# Stored data entries
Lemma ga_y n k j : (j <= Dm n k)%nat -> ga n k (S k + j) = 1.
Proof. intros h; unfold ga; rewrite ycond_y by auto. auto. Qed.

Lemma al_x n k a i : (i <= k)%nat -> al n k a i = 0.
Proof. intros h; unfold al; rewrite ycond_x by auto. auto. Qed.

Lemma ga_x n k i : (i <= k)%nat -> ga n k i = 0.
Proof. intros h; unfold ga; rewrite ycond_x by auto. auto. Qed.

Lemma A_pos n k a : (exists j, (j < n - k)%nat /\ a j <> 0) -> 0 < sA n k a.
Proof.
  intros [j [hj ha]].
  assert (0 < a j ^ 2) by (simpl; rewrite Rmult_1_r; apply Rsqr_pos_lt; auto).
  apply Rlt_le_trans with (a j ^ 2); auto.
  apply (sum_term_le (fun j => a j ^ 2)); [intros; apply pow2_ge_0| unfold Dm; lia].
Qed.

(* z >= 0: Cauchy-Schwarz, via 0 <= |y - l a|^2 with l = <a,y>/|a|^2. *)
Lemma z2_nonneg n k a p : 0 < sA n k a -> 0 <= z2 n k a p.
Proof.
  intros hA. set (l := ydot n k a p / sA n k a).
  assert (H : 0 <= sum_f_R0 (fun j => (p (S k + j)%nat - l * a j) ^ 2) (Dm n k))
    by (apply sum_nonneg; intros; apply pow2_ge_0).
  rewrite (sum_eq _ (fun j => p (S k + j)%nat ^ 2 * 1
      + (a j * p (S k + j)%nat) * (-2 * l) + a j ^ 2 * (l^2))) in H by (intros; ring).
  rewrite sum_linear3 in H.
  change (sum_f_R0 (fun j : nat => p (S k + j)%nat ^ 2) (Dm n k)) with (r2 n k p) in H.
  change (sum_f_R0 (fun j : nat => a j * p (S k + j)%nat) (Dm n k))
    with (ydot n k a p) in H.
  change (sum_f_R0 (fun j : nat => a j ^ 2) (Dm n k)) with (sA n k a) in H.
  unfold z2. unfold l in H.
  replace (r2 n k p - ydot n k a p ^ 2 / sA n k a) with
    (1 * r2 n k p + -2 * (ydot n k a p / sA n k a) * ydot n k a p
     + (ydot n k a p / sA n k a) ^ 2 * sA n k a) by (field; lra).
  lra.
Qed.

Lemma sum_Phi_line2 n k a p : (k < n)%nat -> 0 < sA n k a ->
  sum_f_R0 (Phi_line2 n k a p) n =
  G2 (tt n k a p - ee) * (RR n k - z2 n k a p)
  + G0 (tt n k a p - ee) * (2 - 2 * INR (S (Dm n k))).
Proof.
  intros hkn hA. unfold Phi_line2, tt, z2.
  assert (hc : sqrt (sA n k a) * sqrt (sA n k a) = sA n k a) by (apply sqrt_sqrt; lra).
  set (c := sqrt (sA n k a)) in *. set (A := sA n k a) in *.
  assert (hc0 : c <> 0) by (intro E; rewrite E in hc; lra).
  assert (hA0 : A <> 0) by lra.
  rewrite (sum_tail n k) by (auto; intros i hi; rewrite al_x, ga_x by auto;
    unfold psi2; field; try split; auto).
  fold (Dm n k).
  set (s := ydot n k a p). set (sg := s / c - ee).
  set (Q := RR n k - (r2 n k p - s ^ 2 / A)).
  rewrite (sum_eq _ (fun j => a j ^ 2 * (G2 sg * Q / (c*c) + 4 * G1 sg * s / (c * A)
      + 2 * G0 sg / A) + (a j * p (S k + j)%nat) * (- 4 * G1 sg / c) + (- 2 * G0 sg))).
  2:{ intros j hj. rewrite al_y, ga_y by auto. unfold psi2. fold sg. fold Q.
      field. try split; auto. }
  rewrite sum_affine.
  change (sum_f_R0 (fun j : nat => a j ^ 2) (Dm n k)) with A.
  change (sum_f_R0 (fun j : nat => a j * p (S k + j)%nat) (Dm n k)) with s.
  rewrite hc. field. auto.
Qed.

...

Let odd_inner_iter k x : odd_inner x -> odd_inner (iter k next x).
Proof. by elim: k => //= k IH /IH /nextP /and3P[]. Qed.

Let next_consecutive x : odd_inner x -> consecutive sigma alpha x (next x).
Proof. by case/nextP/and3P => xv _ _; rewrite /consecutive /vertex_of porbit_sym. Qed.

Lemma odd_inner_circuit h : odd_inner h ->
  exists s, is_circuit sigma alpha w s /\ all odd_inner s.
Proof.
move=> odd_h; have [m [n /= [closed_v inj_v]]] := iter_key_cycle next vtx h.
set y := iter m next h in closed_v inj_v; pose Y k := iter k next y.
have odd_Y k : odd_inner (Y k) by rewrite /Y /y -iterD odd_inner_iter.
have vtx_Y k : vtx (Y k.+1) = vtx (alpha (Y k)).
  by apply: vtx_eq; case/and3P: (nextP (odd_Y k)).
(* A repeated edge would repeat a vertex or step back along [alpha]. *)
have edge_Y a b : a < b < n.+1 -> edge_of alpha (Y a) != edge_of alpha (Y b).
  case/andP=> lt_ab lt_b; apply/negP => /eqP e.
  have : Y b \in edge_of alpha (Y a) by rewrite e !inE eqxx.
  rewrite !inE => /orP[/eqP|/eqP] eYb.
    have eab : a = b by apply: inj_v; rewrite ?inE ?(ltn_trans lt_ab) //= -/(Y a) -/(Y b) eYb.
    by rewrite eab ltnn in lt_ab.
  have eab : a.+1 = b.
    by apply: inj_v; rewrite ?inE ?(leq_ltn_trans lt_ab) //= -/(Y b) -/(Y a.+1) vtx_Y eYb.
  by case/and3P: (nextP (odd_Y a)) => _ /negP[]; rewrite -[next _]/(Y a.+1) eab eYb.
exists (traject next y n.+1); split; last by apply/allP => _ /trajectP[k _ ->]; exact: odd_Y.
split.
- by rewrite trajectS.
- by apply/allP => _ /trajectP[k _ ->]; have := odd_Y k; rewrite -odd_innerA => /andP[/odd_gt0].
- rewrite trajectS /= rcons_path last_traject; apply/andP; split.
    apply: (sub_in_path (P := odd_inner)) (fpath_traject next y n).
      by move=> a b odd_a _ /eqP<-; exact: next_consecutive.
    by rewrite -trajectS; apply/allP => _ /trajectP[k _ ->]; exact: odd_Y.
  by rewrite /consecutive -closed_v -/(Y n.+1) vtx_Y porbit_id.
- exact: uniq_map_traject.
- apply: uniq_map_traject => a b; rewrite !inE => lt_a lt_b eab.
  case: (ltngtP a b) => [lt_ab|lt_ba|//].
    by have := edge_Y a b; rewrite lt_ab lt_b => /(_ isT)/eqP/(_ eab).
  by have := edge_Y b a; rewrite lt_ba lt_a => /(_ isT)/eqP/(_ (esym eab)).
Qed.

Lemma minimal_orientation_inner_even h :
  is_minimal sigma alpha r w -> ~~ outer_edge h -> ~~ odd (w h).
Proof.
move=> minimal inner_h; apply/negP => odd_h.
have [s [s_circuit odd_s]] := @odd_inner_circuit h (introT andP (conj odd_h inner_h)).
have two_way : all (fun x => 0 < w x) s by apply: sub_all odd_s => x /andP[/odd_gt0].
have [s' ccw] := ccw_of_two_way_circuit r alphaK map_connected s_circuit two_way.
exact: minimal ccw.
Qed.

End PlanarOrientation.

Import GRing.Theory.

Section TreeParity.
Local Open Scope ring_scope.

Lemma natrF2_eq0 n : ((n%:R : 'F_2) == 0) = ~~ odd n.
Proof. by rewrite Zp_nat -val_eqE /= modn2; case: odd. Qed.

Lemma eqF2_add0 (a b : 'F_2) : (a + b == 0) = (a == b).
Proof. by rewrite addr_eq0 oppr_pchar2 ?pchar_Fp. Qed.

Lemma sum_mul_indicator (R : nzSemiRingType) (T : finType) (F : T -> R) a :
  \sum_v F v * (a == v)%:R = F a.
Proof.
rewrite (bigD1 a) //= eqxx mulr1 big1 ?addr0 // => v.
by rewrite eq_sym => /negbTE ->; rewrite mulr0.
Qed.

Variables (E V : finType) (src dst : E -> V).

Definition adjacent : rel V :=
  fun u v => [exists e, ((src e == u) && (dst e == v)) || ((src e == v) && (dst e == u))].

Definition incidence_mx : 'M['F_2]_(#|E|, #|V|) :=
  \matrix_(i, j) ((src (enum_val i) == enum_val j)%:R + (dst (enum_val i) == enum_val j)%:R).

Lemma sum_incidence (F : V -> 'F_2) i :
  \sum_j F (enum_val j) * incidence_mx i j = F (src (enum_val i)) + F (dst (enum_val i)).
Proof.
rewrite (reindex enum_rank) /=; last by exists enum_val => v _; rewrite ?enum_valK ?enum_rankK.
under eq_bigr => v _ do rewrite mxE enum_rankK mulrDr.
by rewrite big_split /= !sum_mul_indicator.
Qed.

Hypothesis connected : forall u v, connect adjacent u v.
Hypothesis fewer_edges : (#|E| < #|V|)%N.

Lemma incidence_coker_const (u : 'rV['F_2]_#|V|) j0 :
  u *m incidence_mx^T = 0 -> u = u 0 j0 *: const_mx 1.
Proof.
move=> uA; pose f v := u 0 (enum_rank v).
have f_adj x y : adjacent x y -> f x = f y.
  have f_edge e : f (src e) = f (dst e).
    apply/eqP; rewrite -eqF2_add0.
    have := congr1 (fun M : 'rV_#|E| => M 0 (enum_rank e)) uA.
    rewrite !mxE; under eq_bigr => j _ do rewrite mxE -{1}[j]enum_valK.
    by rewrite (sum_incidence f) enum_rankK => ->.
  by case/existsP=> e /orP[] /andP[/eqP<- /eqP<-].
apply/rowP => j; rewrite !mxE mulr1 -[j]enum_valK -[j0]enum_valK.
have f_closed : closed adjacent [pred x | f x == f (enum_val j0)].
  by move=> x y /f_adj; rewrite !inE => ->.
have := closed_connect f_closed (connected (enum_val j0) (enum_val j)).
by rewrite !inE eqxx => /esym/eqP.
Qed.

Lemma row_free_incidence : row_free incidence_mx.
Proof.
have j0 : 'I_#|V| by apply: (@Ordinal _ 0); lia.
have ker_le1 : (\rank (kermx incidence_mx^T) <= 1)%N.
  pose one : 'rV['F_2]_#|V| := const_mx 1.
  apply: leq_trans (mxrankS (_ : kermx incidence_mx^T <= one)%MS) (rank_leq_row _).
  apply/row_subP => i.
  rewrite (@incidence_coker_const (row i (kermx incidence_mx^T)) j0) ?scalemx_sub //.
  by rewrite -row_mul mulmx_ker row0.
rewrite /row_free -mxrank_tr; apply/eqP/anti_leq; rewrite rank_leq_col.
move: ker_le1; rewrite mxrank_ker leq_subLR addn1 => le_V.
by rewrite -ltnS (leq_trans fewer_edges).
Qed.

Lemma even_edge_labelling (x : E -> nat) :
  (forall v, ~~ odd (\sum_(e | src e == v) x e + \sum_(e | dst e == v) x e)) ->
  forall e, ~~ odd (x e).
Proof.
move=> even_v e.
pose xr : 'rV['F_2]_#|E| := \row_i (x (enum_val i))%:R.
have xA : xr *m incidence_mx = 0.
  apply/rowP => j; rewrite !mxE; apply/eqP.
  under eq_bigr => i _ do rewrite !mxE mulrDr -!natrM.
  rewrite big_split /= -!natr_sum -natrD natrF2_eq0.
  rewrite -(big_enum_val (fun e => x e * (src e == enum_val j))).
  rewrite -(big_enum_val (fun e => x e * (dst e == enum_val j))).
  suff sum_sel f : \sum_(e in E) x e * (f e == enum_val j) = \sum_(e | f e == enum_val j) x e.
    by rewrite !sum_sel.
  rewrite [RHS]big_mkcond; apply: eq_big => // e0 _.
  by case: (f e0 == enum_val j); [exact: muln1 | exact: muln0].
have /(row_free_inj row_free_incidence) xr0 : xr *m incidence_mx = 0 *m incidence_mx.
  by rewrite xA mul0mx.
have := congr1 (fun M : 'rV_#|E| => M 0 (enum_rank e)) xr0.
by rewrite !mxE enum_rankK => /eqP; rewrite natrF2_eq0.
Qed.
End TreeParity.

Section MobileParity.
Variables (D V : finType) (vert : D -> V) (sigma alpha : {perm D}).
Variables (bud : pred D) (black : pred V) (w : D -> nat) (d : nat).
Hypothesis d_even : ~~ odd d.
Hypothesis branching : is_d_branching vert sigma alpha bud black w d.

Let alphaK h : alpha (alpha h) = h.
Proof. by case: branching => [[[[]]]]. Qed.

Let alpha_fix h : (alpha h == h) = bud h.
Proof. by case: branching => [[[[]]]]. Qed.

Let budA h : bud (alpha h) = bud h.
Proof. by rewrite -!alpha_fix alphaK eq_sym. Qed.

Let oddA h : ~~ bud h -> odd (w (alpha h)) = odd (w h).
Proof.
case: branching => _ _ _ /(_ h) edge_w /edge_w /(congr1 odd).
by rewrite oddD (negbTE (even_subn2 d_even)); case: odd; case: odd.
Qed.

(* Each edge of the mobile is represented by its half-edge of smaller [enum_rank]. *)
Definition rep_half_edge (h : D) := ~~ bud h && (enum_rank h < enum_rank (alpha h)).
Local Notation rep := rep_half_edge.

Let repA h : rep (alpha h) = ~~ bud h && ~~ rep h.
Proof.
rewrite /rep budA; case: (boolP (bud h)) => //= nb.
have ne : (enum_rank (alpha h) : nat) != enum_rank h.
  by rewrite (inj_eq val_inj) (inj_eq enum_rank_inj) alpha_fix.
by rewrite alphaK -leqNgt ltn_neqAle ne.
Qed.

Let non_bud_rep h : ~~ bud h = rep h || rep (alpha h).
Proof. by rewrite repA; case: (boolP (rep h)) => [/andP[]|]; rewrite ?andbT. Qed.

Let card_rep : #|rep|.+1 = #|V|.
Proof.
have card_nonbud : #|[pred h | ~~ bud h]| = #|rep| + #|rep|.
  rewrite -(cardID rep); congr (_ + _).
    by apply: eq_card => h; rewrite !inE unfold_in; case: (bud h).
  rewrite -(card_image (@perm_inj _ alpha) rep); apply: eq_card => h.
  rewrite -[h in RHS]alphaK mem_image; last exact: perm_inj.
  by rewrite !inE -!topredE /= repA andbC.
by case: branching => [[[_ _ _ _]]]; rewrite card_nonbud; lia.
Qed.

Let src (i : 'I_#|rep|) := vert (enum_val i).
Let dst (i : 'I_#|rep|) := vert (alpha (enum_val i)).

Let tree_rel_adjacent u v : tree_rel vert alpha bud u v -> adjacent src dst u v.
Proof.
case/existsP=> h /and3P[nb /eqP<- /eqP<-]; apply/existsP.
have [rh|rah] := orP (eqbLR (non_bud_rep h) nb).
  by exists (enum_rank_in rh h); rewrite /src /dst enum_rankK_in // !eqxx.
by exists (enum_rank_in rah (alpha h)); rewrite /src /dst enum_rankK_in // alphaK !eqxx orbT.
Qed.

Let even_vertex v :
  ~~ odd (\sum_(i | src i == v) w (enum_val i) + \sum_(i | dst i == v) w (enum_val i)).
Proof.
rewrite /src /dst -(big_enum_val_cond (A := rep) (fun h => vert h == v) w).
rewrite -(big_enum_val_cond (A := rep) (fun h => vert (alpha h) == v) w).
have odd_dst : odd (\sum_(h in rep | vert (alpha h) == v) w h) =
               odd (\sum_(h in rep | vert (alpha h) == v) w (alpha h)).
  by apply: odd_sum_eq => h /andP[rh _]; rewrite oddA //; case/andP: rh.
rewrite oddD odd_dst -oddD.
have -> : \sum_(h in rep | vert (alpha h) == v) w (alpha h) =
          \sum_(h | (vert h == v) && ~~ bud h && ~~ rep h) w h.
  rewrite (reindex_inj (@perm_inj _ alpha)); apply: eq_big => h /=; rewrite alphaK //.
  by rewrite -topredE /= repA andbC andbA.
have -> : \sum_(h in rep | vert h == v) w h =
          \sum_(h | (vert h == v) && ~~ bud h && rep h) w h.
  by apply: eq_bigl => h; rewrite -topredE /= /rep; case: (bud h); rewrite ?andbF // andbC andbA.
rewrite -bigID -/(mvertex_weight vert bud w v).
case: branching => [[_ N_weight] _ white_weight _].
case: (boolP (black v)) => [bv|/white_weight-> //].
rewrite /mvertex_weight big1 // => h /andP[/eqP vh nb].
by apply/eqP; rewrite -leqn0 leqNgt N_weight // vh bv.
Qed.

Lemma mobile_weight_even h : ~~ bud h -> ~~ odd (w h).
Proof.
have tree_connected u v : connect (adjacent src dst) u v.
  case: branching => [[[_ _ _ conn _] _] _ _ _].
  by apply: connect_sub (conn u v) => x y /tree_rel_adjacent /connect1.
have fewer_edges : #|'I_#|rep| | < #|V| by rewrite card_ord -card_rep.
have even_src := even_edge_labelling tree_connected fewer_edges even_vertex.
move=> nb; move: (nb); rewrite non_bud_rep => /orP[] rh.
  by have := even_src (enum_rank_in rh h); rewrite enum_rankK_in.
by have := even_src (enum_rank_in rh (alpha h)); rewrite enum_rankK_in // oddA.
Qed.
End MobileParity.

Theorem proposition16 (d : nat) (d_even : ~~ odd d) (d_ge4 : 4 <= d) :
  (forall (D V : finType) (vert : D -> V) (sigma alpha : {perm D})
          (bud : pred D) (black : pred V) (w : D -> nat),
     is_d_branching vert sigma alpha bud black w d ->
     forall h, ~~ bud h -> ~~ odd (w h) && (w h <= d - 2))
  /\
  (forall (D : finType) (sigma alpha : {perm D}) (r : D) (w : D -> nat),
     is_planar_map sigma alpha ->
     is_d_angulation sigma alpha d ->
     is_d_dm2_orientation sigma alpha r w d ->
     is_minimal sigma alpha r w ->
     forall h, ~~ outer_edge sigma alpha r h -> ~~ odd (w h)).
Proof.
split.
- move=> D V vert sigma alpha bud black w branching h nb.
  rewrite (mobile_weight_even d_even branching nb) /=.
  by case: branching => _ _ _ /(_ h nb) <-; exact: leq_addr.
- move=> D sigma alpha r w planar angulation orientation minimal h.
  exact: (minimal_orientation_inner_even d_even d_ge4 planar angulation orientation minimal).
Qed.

# YOUR GOAL
Your task is to retype the entries verbatim, starting with the line that holds "case/andP=> lt_ab lt_b;" and stopping after the line that holds "by rewrite -trajectS;".

# TASK OUTPUT
  case/andP=> lt_ab lt_b; apply/negP => /eqP e.
  have : Y b \in edge_of alpha (Y a) by rewrite e !inE eqxx.
  rewrite !inE => /orP[/eqP|/eqP] eYb.
    have eab : a = b by apply: inj_v; rewrite ?inE ?(ltn_trans lt_ab) //= -/(Y a) -/(Y b) eYb.
    by rewrite eab ltnn in lt_ab.
  have eab : a.+1 = b.
    by apply: inj_v; rewrite ?inE ?(leq_ltn_trans lt_ab) //= -/(Y b) -/(Y a.+1) vtx_Y eYb.
  by case/and3P: (nextP (odd_Y a)) => _ /negP[]; rewrite -[next _]/(Y a.+1) eab eYb.
exists (traject next y n.+1); split; last by apply/allP => _ /trajectP[k _ ->]; exact: odd_Y.
split.
- by rewrite trajectS.
- by apply/allP => _ /trajectP[k _ ->]; have := odd_Y k; rewrite -odd_innerA => /andP[/odd_gt0].
- rewrite trajectS /= rcons_path last_traject; apply/andP; split.
    apply: (sub_in_path (P := odd_inner)) (fpath_traject next y n).
      by move=> a b odd_a _ /eqP<-; exact: next_consecutive.
    by rewrite -trajectS; apply/allP => _ /trajectP[k _ ->]; exact: odd_Y.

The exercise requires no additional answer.